(* Let $G$ be a $*$-graph in which every vertex has valency $4$ or $6$, and let $G'$ be an expansion of $G$. If $G'$ contains a Vassiliev obstruct, then $G$ contains a Vassiliev obstruct.
   Context: Graphs are finite and may have loops and multiple edges; each edge consists of two half-edges. A $*$-graph is a graph together with, for each vertex $a$ of valency $n$, an unoriented cyclic order $X_a$ of the half-edges at $a$, i.e. a bijection $X_a$ from the half-edges at $a$ to the vertices of the cycle graph $C_n$ (a cyclic order up to rotation and reversal). An $X$-graph is a $4$-regular graph with, at each vertex, a partition of its half-edges into two pairs of opposite half-edges; this is the same as a $*$-structure at each $4$-valent vertex (opposite = non-adjacent in the cyclic order). Expansion of a $6$-valent vertex $v$: label its half-edges $h_1,\dots,h_6$ so that $X_v$ is the cyclic order $(h_1,\dots,h_6)$; replace $v$ by a triangle on new vertices $p_1,p_2,p_3$, attach $h_1,h_2$ to $p_1$, $h_3,h_4$ to $p_2$, $h_5,h_6$ to $p_3$, with $X$-structures: at $p_1$, $h_1$ opposite the half-edge of $p_1p_2$ and $h_2$ opposite that of $p_1p_3$; at $p_2$, $h_3$ opposite that of $p_2p_3$ and $h_4$ opposite that of $p_2p_1$; at $p_3$, $h_5$ opposite that of $p_3p_1$ and $h_6$ opposite that of $p_3p_2$. An expansion of $G$ replaces every $6$-valent vertex in this way (choices of labeling made independently), the $4$-valent vertices keeping their structure. A cycle is a closed walk using no edge more than once (vertices may repeat). For edge-disjoint cycles $A,B$, a crossing is an occurrence of a common vertex $a$ where $A$ passes via half-edges $A_1,A_2$ and $B$ via $B_1,B_2$ with $X_a(A_1),X_a(B_1),X_a(A_2),X_a(B_2)$ alternating in $C_n$ (for a $4$-valent vertex: each cycle passes straight through via a pair of opposite half-edges); crossings are counted with multiplicity over all such pairs of passages. A Vassiliev obstruct is a pair of edge-disjoint cycles with exactly one crossing. *)

From mathcomp Require Import all_boot.
Set Implicit Arguments. Unset Strict Implicit. Unset Printing Implicit Defensive.

(* A graph with half-edges: [vert h] is the vertex carrying half-edge [h],
   [opp h] is the other half of the edge containing [h].  [xpos h] is the
   position X_a(h) in the cycle graph C_n (vertices 0..n-1) of the
   *-structure at a = vert h. *)
Record sgraph := SGraph {
  sV : finType;
  sH : finType;
  vert : sH -> sV;
  opp : sH -> sH;
  xpos : sH -> nat }.

Section Graphs.
Variable G : sgraph.

Definition deg (v : sV G) : nat := #|[set h | vert h == v]|.

(* opp is a fixed-point-free involution (edges = pairs of half-edges), and
   X_a is a bijection from the half-edges at a onto the vertices 0..deg a - 1
   of C_(deg a). *)
Definition wf_star_graph : Prop :=
  (forall h : sH G, opp (opp h) = h /\ opp h <> h) /\
  (forall h : sH G, xpos h < deg (vert h)) /\
  (forall h1 h2 : sH G, vert h1 = vert h2 -> xpos h1 = xpos h2 -> h1 = h2).

(* A closed walk traversing the edges h_1, ..., h_k: edge i is entered at
   half-edge h_i and left at opp h_i; no edge used twice. *)
Definition is_cycle (c : seq (sH G)) : bool :=
  [&& 0 < size c, uniq (c ++ map (@opp G) c)
    & cycle (fun h h' => vert (opp h) == vert h') c].

Definition passages (c : seq (sH G)) : seq (sH G * sH G) :=
  zip (map (@opp G) c) (rot 1 c).

Definition edge_disjoint (A B : seq (sH G)) : bool :=
  ~~ has (mem (B ++ map (@opp G) B)) (A ++ map (@opp G) A).

Definition strictly_between (a c x : nat) : bool := (minn a c < x < maxn a c).

(* positions a, b, c, d of C_n occur alternately around the cycle:
   they are distinct and b, d lie in different arcs cut out by a and c *)
Definition alternating (a b c d : nat) : bool :=
  [&& uniq [:: a; b; c; d] &
      strictly_between a c b != strictly_between a c d].

Definition is_crossing (p q : sH G * sH G) : bool :=
  (vert p.1 == vert q.1) &&
  alternating (xpos p.1) (xpos q.1) (xpos p.2) (xpos q.2).

Definition crossings (A B : seq (sH G)) : nat :=
  count (fun pq => is_crossing pq.1 pq.2)
        [seq (p, q) | p <- passages A, q <- passages B].

Definition vassiliev_obstruct (A B : seq (sH G)) : Prop :=
  [/\ is_cycle A, is_cycle B, edge_disjoint A B & crossings A B = 1].

Definition has_vassiliev_obstruct : Prop :=
  exists A B, vassiliev_obstruct A B.

(* A labeling choice for the expansion: at each 6-valent vertex v the labels
   lab h (in 0..5, meaning h = h_(lab h + 1)) list the half-edges at v in the
   cyclic order X_v, up to rotation and reversal. *)
Definition expansion_labeling (lab : sH G -> nat) : Prop :=
  forall v : sV G, deg v = 6 ->
  exists (r : nat) (s : bool), forall h : sH G, vert h = v ->
    lab h = (if s then (r + xpos h) %% 6 else (r + 6 - xpos h) %% 6).

End Graphs.

Section Expansion.
Variables (G : sgraph) (lab : sH G -> nat).

Definition V4 := {v : sV G | deg v != 6}.
Definition V6 := {v : sV G | deg v == 6}.
(* vertices of the expansion: non-6-valent vertices of G, and p_1,p_2,p_3
   (indices 0,1,2) for each 6-valent vertex *)
Definition exV : finType := (V4 + V6 * 'I_3)%type.
(* half-edges of the expansion: those of G, plus for each 6-valent v and
   i : 'I_3 two triangle half-edges at p_i: (v,i,true) on the edge p_i p_(i+1)
   and (v,i,false) on the edge p_i p_(i-1) *)
Definition exH : finType := (sH G + V6 * 'I_3 * bool)%type.

Definition blk (h : sH G) : 'I_3 := inord (lab h %/ 2).

Definition ex_vert_old (h : sH G) : exV :=
  match (deg (vert h) == 6) as b return (deg (vert h) == 6) = b -> exV with
  | true => fun e => inr (exist (fun v => deg v == 6) (vert h) e, blk h)
  | false => fun e => inl (exist (fun v => deg v != 6) (vert h) (negbT e))
  end erefl.

Definition ex_vert (x : exH) : exV :=
  match x with
  | inl h => ex_vert_old h
  | inr (vi, _) => inr vi
  end.

Definition ex_opp (x : exH) : exH :=
  match x with
  | inl h => inl (opp h)
  | inr (v, i, true) => inr (v, ordS i, false)
  | inr (v, i, false) => inr (v, ord_pred i, true)
  end.

(* X-structure at p_i: cyclic order (h_(2i+1), h_(2i+2), [p_i p_(i+1)],
   [p_i p_(i-1)]), so that h_(2i+1) is opposite the half-edge of p_i p_(i+1)
   and h_(2i+2) opposite the half-edge of p_i p_(i-1). *)
Definition ex_xpos (x : exH) : nat :=
  match x with
  | inl h => if deg (vert h) == 6 then lab h %% 2 else xpos h
  | inr (_, _, b) => if b then 2 else 3
  end.

Definition expand : sgraph := @SGraph exV exH ex_vert ex_opp ex_xpos.

End Expansion.

From mathcomp Require Import all_boot zify.
Set Implicit Arguments. Unset Strict Implicit. Unset Printing Implicit Defensive.

(* Contract each triangle of the expansion back to its 6-valent vertex.  A
   cycle of G' through at least one old edge, once its triangle edges are
   deleted, becomes a cycle of G; it splits into pieces (an old edge followed
   by a run of triangle edges), and the pieces correspond to the passages of
   the contracted cycle.  For two pieces through the same expanded vertex, the
   number of crossings inside the triangle exceeds the crossing number of the
   two contracted passages by an even amount: this is a finite check over all
   pairs of edge-disjoint walks through a triangle, the alternation of
   positions being invariant under the rotations and reflections that relate
   labels to positions.  Summing over pairs of pieces, the contracted cycles
   cross an odd number of times, at most once.  A cycle of triangle edges only
   crosses nothing, because triangle half-edges sit at the adjacent positions
   2 and 3 of their vertex. *)

Definition even_excess (m n : nat) : bool := (m <= n) && ~~ odd (n - m).

Lemma even_excessP m n : reflect (exists k, n = m + k.*2) (even_excess m n).
Proof.
apply: (iffP andP) => [[le_mn ev]|[k ->]].
  by exists (n - m)./2; rewrite even_halfK // subnKC.
by rewrite leq_addr addKn odd_double.
Qed.

Lemma even_excessD m1 n1 m2 n2 :
  even_excess m1 n1 -> even_excess m2 n2 -> even_excess (m1 + m2) (n1 + n2).
Proof.
move=> /even_excessP[k1 ->] /even_excessP[k2 ->]; apply/even_excessP.
by exists (k1 + k2); rewrite doubleD; lia.
Qed.

Lemma even_excess_sum (I : eqType) (r : seq I) (f g : I -> nat) :
  (forall i, i \in r -> even_excess (f i) (g i)) ->
  even_excess (\sum_(i <- r) f i) (\sum_(i <- r) g i).
Proof.
elim: r => [|i r IHr] fg; first by rewrite !big_nil.
rewrite !big_cons even_excessD ?fg ?mem_head // IHr // => j rj.
by rewrite fg // inE rj orbT.
Qed.

Lemma even_excess1 m : even_excess m 1 -> m = 1.
Proof. by case/even_excessP => k; lia. Qed.

Lemma drop_zip (S T : Type) k (s : seq S) (t : seq T) :
  drop k (zip s t) = zip (drop k s) (drop k t).
Proof. by elim: k s t => [|k IHk] [|x s] [|y t] //=; case: (drop k _). Qed.

Lemma take_zip (S T : Type) k (s : seq S) (t : seq T) :
  take k (zip s t) = zip (take k s) (take k t).
Proof. by elim: k s t => [|k IHk] [|x s] [|y t] //=; rewrite IHk. Qed.

Lemma rot_zip (S T : Type) k (s : seq S) (t : seq T) :
  size s = size t -> rot k (zip s t) = zip (rot k s) (rot k t).
Proof. by move=> eq_st; rewrite /rot zip_cat ?size_drop ?eq_st // drop_zip take_zip. Qed.

Lemma mem_zip (S T : eqType) (s : seq S) (t : seq T) p :
  p \in zip s t -> (p.1 \in s) && (p.2 \in t).
Proof.
elim: s t => [|x s IHs] [|y t] //=; rewrite inE => /orP[/eqP -> | /IHs /andP[ps pt]].
  by rewrite /= eqxx mem_head.
by rewrite ps inE pt !orbT.
Qed.

Section Walks.
Variable K : sgraph.
Implicit Types (y z : sH K) (s A B : seq (sH K)).

Definition edge_halves s : seq (sH K) := s ++ map (@opp K) s.

Lemma edge_halves_cat_uniq A B :
  uniq (edge_halves (A ++ B)) -> uniq (edge_halves A) && uniq (edge_halves B).
Proof.
have reorder : perm_eq (A ++ B ++ map (@opp K) A ++ map (@opp K) B)
                       ((A ++ map (@opp K) A) ++ B ++ map (@opp K) B).
  by rewrite catA perm_catACA.
by rewrite /edge_halves map_cat -catA (perm_uniq reorder) cat_uniq => /and3P[-> _ ->].
Qed.

Definition walk_passages y s z : seq (sH K * sH K) :=
  zip (opp y :: map (@opp K) s) (s ++ [:: z]).
Arguments walk_passages : simpl never.

Lemma walk_passages_cons y x s z :
  walk_passages y (x :: s) z = (opp y, x) :: walk_passages x s z.
Proof. by []. Qed.

Lemma walk_passages_cat y s1 w s2 z :
  walk_passages y (s1 ++ w :: s2) z = walk_passages y s1 w ++ walk_passages w s2 z.
Proof. by elim: s1 y => [|x s1 IHs] y //=; rewrite !walk_passages_cons IHs. Qed.

Lemma passages_cons y s : passages (y :: s) = walk_passages y s y.
Proof. by rewrite /passages /walk_passages /= rot1_cons cats1. Qed.

Lemma path_walk_passages y s z :
  path (fun h h' => vert (opp h) == vert h') y (s ++ [:: z]) =
  all (fun p => vert p.1 == vert p.2) (walk_passages y s z).
Proof.
by elim: s y => [|x s IHs] y; rewrite ?walk_passages_cons /= ?IHs ?andbT.
Qed.

Lemma cycle_passages y s :
  cycle (fun h h' => vert (opp h) == vert h') (y :: s) =
  all (fun p => vert p.1 == vert p.2) (passages (y :: s)).
Proof. by rewrite /= -cats1 passages_cons path_walk_passages. Qed.

Lemma edge_halves_opp_neq A x y : uniq (edge_halves A) -> x \in A -> y \in A -> opp x != y.
Proof.
move=> uniqA xA yA; apply/eqP => opp_xy; move: uniqA; rewrite cat_uniq => /and3P[_ /hasP[]].
by exists (opp x); rewrite ?map_f ?opp_xy.
Qed.

Lemma edge_disjoint_neq A B x y :
  edge_disjoint A B -> x \in edge_halves A -> y \in edge_halves B -> x != y.
Proof.
move=> dAB xA yB; apply: contraNneq dAB => eq_xy.
by apply/hasP; exists x => //; rewrite eq_xy; exact: yB.
Qed.

Lemma mem_passages p A : p \in passages A -> (p.1 \in map (@opp K) A) && (p.2 \in A).
Proof. by move/mem_zip; rewrite mem_rot. Qed.

Lemma crossingsE A B :
  crossings A B = \sum_(p <- passages A) \sum_(q <- passages B) is_crossing p q.
Proof. by rewrite /crossings -sumn_count sumnE big_map big_allpairs. Qed.

Lemma passages_rot k A : passages (rot k A) = rot k (passages A).
Proof. by rewrite /passages map_rot rot_rot rot_zip // size_map size_rot. Qed.

Lemma is_cycle_rot k A : is_cycle (rot k A) = is_cycle A.
Proof.
rewrite /is_cycle size_rot rot_cycle map_rot; congr [&& _, _ & _].
by apply: perm_uniq; apply: perm_cat; rewrite perm_rot.
Qed.

Lemma edge_disjoint_rot k l A B : edge_disjoint (rot k A) (rot l B) = edge_disjoint A B.
Proof.
rewrite /edge_disjoint !map_rot; congr (~~ _).
have rotE n (s : seq (sH K)) : rot n s ++ rot n (map (@opp K) s) =i s ++ map (@opp K) s.
  by move=> x; rewrite (mem_cat x (rot n s)) !mem_rot -mem_cat.
by rewrite (eq_has_r (rotE k A)); apply: eq_has => x; apply: rotE.
Qed.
+++++
Exercise instructions :: Copy out the lines above exactly, beginning at the one that contains "path (fun h" and ending at the one that contains "Lemma edge_disjoint_neq A".

Output for this exercise ::
  path (fun h h' => vert (opp h) == vert h') y (s ++ [:: z]) =
  all (fun p => vert p.1 == vert p.2) (walk_passages y s z).
Proof.
by elim: s y => [|x s IHs] y; rewrite ?walk_passages_cons /= ?IHs ?andbT.
Qed.

Lemma cycle_passages y s :
  cycle (fun h h' => vert (opp h) == vert h') (y :: s) =
  all (fun p => vert p.1 == vert p.2) (passages (y :: s)).
Proof. by rewrite /= -cats1 passages_cons path_walk_passages. Qed.

Lemma edge_halves_opp_neq A x y : uniq (edge_halves A) -> x \in A -> y \in A -> opp x != y.
Proof.
move=> uniqA xA yA; apply/eqP => opp_xy; move: uniqA; rewrite cat_uniq => /and3P[_ /hasP[]].
by exists (opp x); rewrite ?map_f ?opp_xy.
Qed.

Lemma edge_disjoint_neq A B x y :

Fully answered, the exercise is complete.